What you are asked to do: Give back only the lines in the records below from the one with "assert (H1 : (/" to the one with "intros Hn Hx.", both inclusive, word for word.

Information:
Lemma inv_INR_le_half n : (2 <= n)%nat -> / INR n <= / 2.
Proof. intros Hn. apply Rinv_le_contravar; [lra |]. apply (le_INR 2); lia. Qed.

(* [onemax_surv n t c] is [Pr[T > t]] for the (1+1) EA on OneMax started in a
   string with [c] ones (see [surv_OneMax]): an offspring with [e] ones replaces
   the parent iff [e <= c]. *)
Fixpoint onemax_surv (n t c : nat) : R :=
  match t with
  | O => if Nat.eqb c 0 then 0 else 1
  | S t' => (if Nat.eqb c 0 then 0 else 1)
            * dist_expect (/ INR n) n c (fun e => onemax_surv n t' (Nat.min e c))
  end.

Lemma onemax_surv_nonneg n t c : (0 < n)%nat -> 0 <= onemax_surv n t c.
Proof.
  intros Hn. pose proof (inv_INR_prob n Hn).
  revert c; induction t; intros c; simpl; destruct (Nat.eqb c 0); try lra.
  rewrite Rmult_1_l. apply dist_expect_nonneg; auto; lra.
Qed.

Lemma onemax_surv_mono n t c c' : (0 < n)%nat -> (c <= c' <= n)%nat ->
  onemax_surv n t c <= onemax_surv n t c'.
Proof.
  intros Hn. pose proof (inv_INR_prob n Hn).
  revert c c'; induction t; intros c c' Hc; simpl.
  - destruct (Nat.eqb_spec c 0), (Nat.eqb_spec c' 0); lra || lia.
  - destruct (Nat.eqb_spec c 0) as [-> | Hc0].
    + rewrite Rmult_0_l. destruct (Nat.eqb c' 0); [lra |]. rewrite Rmult_1_l.
      apply dist_expect_nonneg; [lra |]. intros; now apply onemax_surv_nonneg.
    + destruct (Nat.eqb_spec c' 0); [lia |]. rewrite !Rmult_1_l.
      destruct (Nat.eq_dec c c') as [<- | Hne]; [lra |].
      eapply Rle_trans.
      * apply dist_expect_le with (psi' := fun e => onemax_surv n t (Nat.min e c')); [lra |].
        intros e; apply IHt; lia.
      * apply dist_expect_mono; [lra | apply inv_INR_le_half; lia | | lia].
        intros e. apply IHt; lia.
Qed.

Definition accept (g : list bool -> R) (x y : list bool) : list bool :=
  if Rle_dec (g y) (g x) then y else x.

Lemma accept_length g n x y : length x = n -> length y = n -> length (accept g x y) = n.
Proof. unfold accept; destruct (Rle_dec _ _); auto. Qed.

Lemma sumL_ea_kernel g n x h : length x = n ->
  sumL (all_bits n) (fun z => ea_kernel g n x z * h z)
  = sumL (all_bits n) (fun y => mut n x y * h (accept g x y)).
Proof.
  intros Hx. unfold ea_kernel.
  rewrite (sumL_ext _ _
    (fun z => sumL (all_bits n) (fun y => ind_eq z (accept g x y) * (mut n x y * h z)))).
  2:{ intros z _. rewrite Rmult_comm, <- sumL_scal_l. apply sumL_ext. intros y _.
      unfold accept. destruct (Rle_dec (g y) (g x)); ring. }
  rewrite sumL_comm. apply sumL_ext. intros y Hy.
  rewrite (sumL_ind_eq n (accept g x y) (fun z => mut n x y * h z)); auto.
  apply accept_length; auto. now apply in_all_bits.
Qed.

Lemma fold_Rmin_le (f : list bool -> R) l i y :
  In y l -> fold_right (fun y m => Rmin (f y) m) i l <= f y.
Proof.
  induction l; simpl; [tauto |]. intros [<- | H]; [apply Rmin_l |].
  eapply Rle_trans; [apply Rmin_r | auto].
Qed.

Lemma fold_Rmin_glb (f : list bool -> R) l i v :
  v <= i -> (forall y, In y l -> v <= f y) -> v <= fold_right (fun y m => Rmin (f y) m) i l.
Proof. induction l; simpl; auto. intros Hi H. apply Rmin_glb; auto. Qed.

Lemma fmin_eq f n xs : length xs = n -> (forall y, length y = n -> f xs <= f y) ->
  fmin f n = f xs.
Proof.
  intros Hl H. unfold fmin. apply Rle_antisym.
  - apply fold_Rmin_le, in_all_bits; auto.
  - apply fold_Rmin_glb; [apply H, repeat_length |].
    intros y Hy; apply H, in_all_bits; auto.
Qed.

Definition jump_prob (n : nat) : R := (/ INR n) ^ n * (1 - / INR n) ^ (n - 1).

Lemma pow_le_pow_le_1 a i j : 0 <= a <= 1 -> (i <= j)%nat -> a ^ j <= a ^ i.
Proof.
  intros Ha H; induction H; [lra |]. simpl. eapply Rle_trans; [| apply IHle].
  pose proof (pow_le a m (proj1 Ha)). nra.
Qed.

Lemma jump_prob_bounds n : (0 < n)%nat -> 0 < jump_prob n <= 1.
Proof.
  intros Hn. pose proof (inv_INR_prob n Hn) as Hp. unfold jump_prob.
  assert (Hq : 0 < (1 - / INR n) ^ (n - 1)).
  { destruct (Nat.eq_dec n 1) as [-> | Hne]; [simpl; lra |].
    apply pow_lt. pose proof (inv_INR_le_half n ltac:(lia)). lra. }
  pose proof (pow_lt (/ INR n) n (proj1 Hp)).
  assert (H1 : (/ INR n) ^ n <= 1) by (apply (pow_le_pow_le_1 _ 0); lra || lia).
  assert (H2 : (1 - / INR n) ^ (n - 1) <= 1) by (apply (pow_le_pow_le_1 _ 0); lra || lia).
  split; [now apply Rmult_lt_0_compat | nra].
Qed.

Lemma jump_prob_le_mut n x y : (0 < n)%nat -> length x = n -> length y = n -> x <> y ->
  jump_prob n <= mut n x y.
Proof.
  intros Hn Hx Hy Hne. pose proof (inv_INR_prob n Hn).
  pose proof (hamming_le_length x y).
  assert (hamming x y <> 0%nat) by (intros Hd; apply Hne, hamming_eq_0; congruence).
  unfold jump_prob, mut. apply Rmult_le_compat; try (apply pow_le; lra);
    apply pow_le_pow_le_1; lra || lia.
Qed.

Lemma sumL_mut n x : (0 < n)%nat -> length x = n -> sumL (all_bits n) (mut n x) = 1.
Proof.
  intros Hn Hx.
  rewrite <- (dist_expect_const_1 (/ INR n) n (hamming x x)), <- sumL_flip_prob_hamming by auto.
  apply sumL_ext. intros y _. unfold mut, flip_prob. ring.
Qed.

Section UniqueMinimum.
Variables (n : nat) (f : list bool -> R) (xs : list bool).
Hypothesis n_pos : (0 < n)%nat.
Hypothesis xs_length : length xs = n.
Hypothesis xs_unique_min : forall y, length y = n -> y <> xs -> f xs < f y.

Lemma not_opt_unique_min x : length x = n ->
  not_opt f n x = if Nat.eqb (hamming x xs) 0 then 0 else 1.
Proof.
  intros Hx. unfold not_opt. rewrite (fmin_eq f n xs xs_length).
  2:{ intros y Hy. destruct (bits_eq_dec y xs) as [-> | Hne]; [lra |].
      apply Rlt_le, xs_unique_min; auto. }
  destruct (Nat.eqb_spec (hamming x xs) 0) as [E | E].
  - apply hamming_eq_0 in E as ->; [| congruence].
    destruct (Req_EM_T (f xs) (f xs)); [reflexivity | contradiction].
  - destruct (Req_EM_T (f x) (f xs)) as [Efx |]; [exfalso | reflexivity].
    destruct (bits_eq_dec x xs) as [-> | Hne]; [now rewrite hamming_diag in E |].
    specialize (xs_unique_min x Hx Hne). lra.
Qed.

Lemma surv_ge_onemax_surv t x : length x = n ->
  onemax_surv n t (hamming x xs) <= surv f n t x.
Proof.
  pose proof (inv_INR_prob n n_pos) as Hp.
  revert x; induction t; intros x Hx; simpl; rewrite not_opt_unique_min by exact Hx.
  - lra.
  - destruct (Nat.eqb (hamming x xs) 0); [lra |]. rewrite !Rmult_1_l.
    rewrite sumL_ea_kernel, <- sumL_flip_prob_hamming by auto.
    apply sumL_le. intros y Hy. apply in_all_bits in Hy.
    apply Rmult_le_compat_l; [unfold flip_prob; apply Rmult_le_pos; apply pow_le; lra |].
    eapply Rle_trans; [| apply IHt, accept_length; auto].
    apply onemax_surv_mono; auto. split.
    + unfold accept; destruct (Rle_dec _ _); lia.
    + rewrite <- (accept_length f n x y Hx Hy). apply hamming_le_length.
Qed.

Lemma surv_at_min t : surv f n t xs = 0.
Proof.
  assert (H : not_opt f n xs = 0) by now rewrite not_opt_unique_min, hamming_diag.
  destruct t; simpl; rewrite H; ring.
Qed.

Lemma surv_le_geometric t x : length x = n -> surv f n t x <= (1 - jump_prob n) ^ t.
Proof.
  pose proof (inv_INR_prob n n_pos) as Hp. pose proof (jump_prob_bounds n n_pos) as Hq.
  set (q := jump_prob n) in *.
  revert x; induction t; intros x Hx; simpl surv; rewrite not_opt_unique_min by exact Hx.
  - simpl. destruct (Nat.eqb _ 0); lra.
  - assert (Hpow : 0 <= (1 - q) ^ t) by (apply pow_le; lra).
    destruct (Nat.eqb_spec (hamming x xs) 0) as [E | E].
    { rewrite Rmult_0_l. apply pow_le. lra. }
    assert (Hne : x <> xs) by (intros ->; now rewrite hamming_diag in E).
    rewrite Rmult_1_l, sumL_ea_kernel by exact Hx.
    eapply Rle_trans.
    + apply (sumL_le _ _ (fun y => (1 - q) ^ t * (mut n x y - ind_eq y xs * mut n x y))).
      intros y Hy. apply in_all_bits in Hy.
      assert (Hm : 0 <= mut n x y) by (unfold mut; apply Rmult_le_pos; apply pow_le; lra).
      unfold ind_eq. destruct (bits_eq_dec y xs) as [-> | Hy'].
      * unfold accept. destruct (Rle_dec (f xs) (f x)) as [_ | C].
        -- rewrite surv_at_min. lra.
        -- exfalso. apply C, Rlt_le, xs_unique_min; auto.
      * rewrite Rmult_0_l, Rminus_0_r, (Rmult_comm ((1 - q) ^ t)). apply Rmult_le_compat_l; auto.
        apply IHt, accept_length; auto.
    + rewrite sumL_scal_l, sumL_minus, sumL_mut, sumL_ind_eq by auto.
      simpl. rewrite (Rmult_comm (1 - q)). apply Rmult_le_compat_l; auto.
      pose proof (jump_prob_le_mut n x xs n_pos Hx xs_length Hne). subst q. lra.
Qed.

Lemma tail_prob_le_geometric t : tail_prob f n t <= (1 - jump_prob n) ^ t.
Proof.
  assert (H2n : 0 < 2 ^ n) by (apply pow_lt; lra).
  unfold tail_prob. eapply Rle_trans.
  - apply (sumL_le _ _ (fun _ => / 2 ^ n * (1 - jump_prob n) ^ t)).
    intros x Hx. apply in_all_bits in Hx.
    apply Rmult_le_compat_l; [apply Rlt_le, Rinv_0_lt_compat; auto |].
    now apply surv_le_geometric.
  - rewrite sumL_all_bits_const. right. field. lra.
Qed.

End UniqueMinimum.

Lemma OneMax_hamming z : OneMax z = INR (hamming z (repeat false (length z))).
Proof. unfold OneMax. now rewrite count_true_hamming. Qed.

Lemma OneMax_unique_min n y : length y = n -> y <> repeat false n ->
  OneMax (repeat false n) < OneMax y.
Proof.
  intros Hy Hne. rewrite !OneMax_hamming, repeat_length, hamming_diag, Hy.
  apply lt_0_INR. destruct (hamming y (repeat false n)) eqn:E; [| lia].
  exfalso. apply Hne, hamming_eq_0; auto. now rewrite repeat_length.
Qed.

Lemma surv_OneMax n t z : length z = n ->
  surv OneMax n t z = onemax_surv n t (hamming z (repeat false n)).
Proof.
  assert (Hzeros : length (repeat false n) = n) by apply repeat_length.
  pose proof (not_opt_unique_min n OneMax _ Hzeros (OneMax_unique_min n)) as Hopt.
  revert z; induction t; intros z Hz; simpl; rewrite Hopt by exact Hz; [reflexivity |].
  f_equal. rewrite sumL_ea_kernel, <- sumL_flip_prob_hamming by auto.
  apply sumL_ext. intros y Hy. apply in_all_bits in Hy. unfold mut, flip_prob. f_equal.
  rewrite IHt by (apply accept_length; auto). f_equal.
  unfold accept. rewrite !OneMax_hamming, Hz, Hy.
  destruct (Rle_dec _ _) as [Hle | Hgt].
  - apply INR_le in Hle. lia.
  - assert (~ (hamming y (repeat false n) <= hamming z (repeat false n))%nat)
      by (intros Hle; apply Hgt, le_INR, Hle). lia.
Qed.

Lemma tail_prob_OneMax_le n f xs t : (0 < n)%nat -> length xs = n ->
  (forall y, length y = n -> y <> xs -> f xs < f y) ->
  0 <= tail_prob OneMax n t <= tail_prob f n t.
Proof.
  intros Hn Hxs Hmin. unfold tail_prob.
  assert (H2n : 0 < / 2 ^ n) by (apply Rinv_0_lt_compat, pow_lt; lra).
  rewrite (sumL_ext _ _ (fun x => (fun k => / 2 ^ n * onemax_surv n t k)
                                    (hamming x (repeat false n)))).
  2:{ intros x Hx. apply in_all_bits in Hx. now rewrite surv_OneMax. }
  split.
  - apply sumL_nonneg. intros x _.
    apply Rmult_le_pos; [lra | now apply onemax_surv_nonneg].
  - rewrite <- (sumL_hamming_to_zeros n xs (fun k => / 2 ^ n * onemax_surv n t k)) by exact Hxs.
    apply sumL_le. intros x Hx. apply in_all_bits in Hx.
    apply Rmult_le_compat_l; [lra |]. now apply surv_ge_onemax_surv.
Qed.

Lemma infinite_sum_le_geometric (a b : nat -> R) (r : R) :
  0 <= r < 1 -> (forall t, 0 <= a t <= b t) -> (forall t, b t <= r ^ t) ->
  exists ea eb, infinite_sum a ea /\ infinite_sum b eb /\ ea <= eb.
Proof.
  intros Hr Hab Hb.
  assert (Hgeo : forall t, 0 <= b t <= 1 * r ^ t).
  { intros t. rewrite Rmult_1_l. pose proof (Hab t). pose proof (Hb t). lra. }
  assert (Hr1 : Rabs r < 1) by (rewrite Rabs_right; lra).
  destruct (Rseries_CV_comp b _ Hgeo (exist _ _ (GP_infinite r Hr1))) as [eb Heb].
  destruct (Rseries_CV_comp a b Hab (exist _ eb Heb)) as [ea Hea].
  exists ea, eb. split; [exact Hea | split; [exact Heb |]].
  eapply Rle_cv_lim; [| exact Hea | exact Heb].
  intros N. apply sum_Rle. intros k _. apply Hab.
Qed.

Theorem theorem8 (n : nat) (f : list bool -> R) :
  (0 < n)%nat -> unique_global_min f n ->
  exists ef eOM : R,
    expected_time f n ef /\ expected_time OneMax n eOM /\ eOM <= ef.
Proof.
  intros Hn [xs [Hxs Hmin]].
  pose proof (jump_prob_bounds n Hn).
  destruct (infinite_sum_le_geometric (tail_prob OneMax n) (tail_prob f n)
              (1 - jump_prob n)) as [eOM [ef [HOM [Hf Hle]]]].
  - lra.
  - intros t. now apply (tail_prob_OneMax_le n f xs).
  - intros t. now apply (tail_prob_le_geometric n f xs).
  - now exists ef, eOM.
Qed.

Response area:
  assert (H1 : (/ INR n) ^ n <= 1) by (apply (pow_le_pow_le_1 _ 0); lra || lia).
  assert (H2 : (1 - / INR n) ^ (n - 1) <= 1) by (apply (pow_le_pow_le_1 _ 0); lra || lia).
  split; [now apply Rmult_lt_0_compat | nra].
Qed.

Lemma jump_prob_le_mut n x y : (0 < n)%nat -> length x = n -> length y = n -> x <> y ->
  jump_prob n <= mut n x y.
Proof.
  intros Hn Hx Hy Hne. pose proof (inv_INR_prob n Hn).
  pose proof (hamming_le_length x y).
  assert (hamming x y <> 0%nat) by (intros Hd; apply Hne, hamming_eq_0; congruence).
  unfold jump_prob, mut. apply Rmult_le_compat; try (apply pow_le; lra);
    apply pow_le_pow_le_1; lra || lia.
Qed.

Lemma sumL_mut n x : (0 < n)%nat -> length x = n -> sumL (all_bits n) (mut n x) = 1.
Proof.
  intros Hn Hx.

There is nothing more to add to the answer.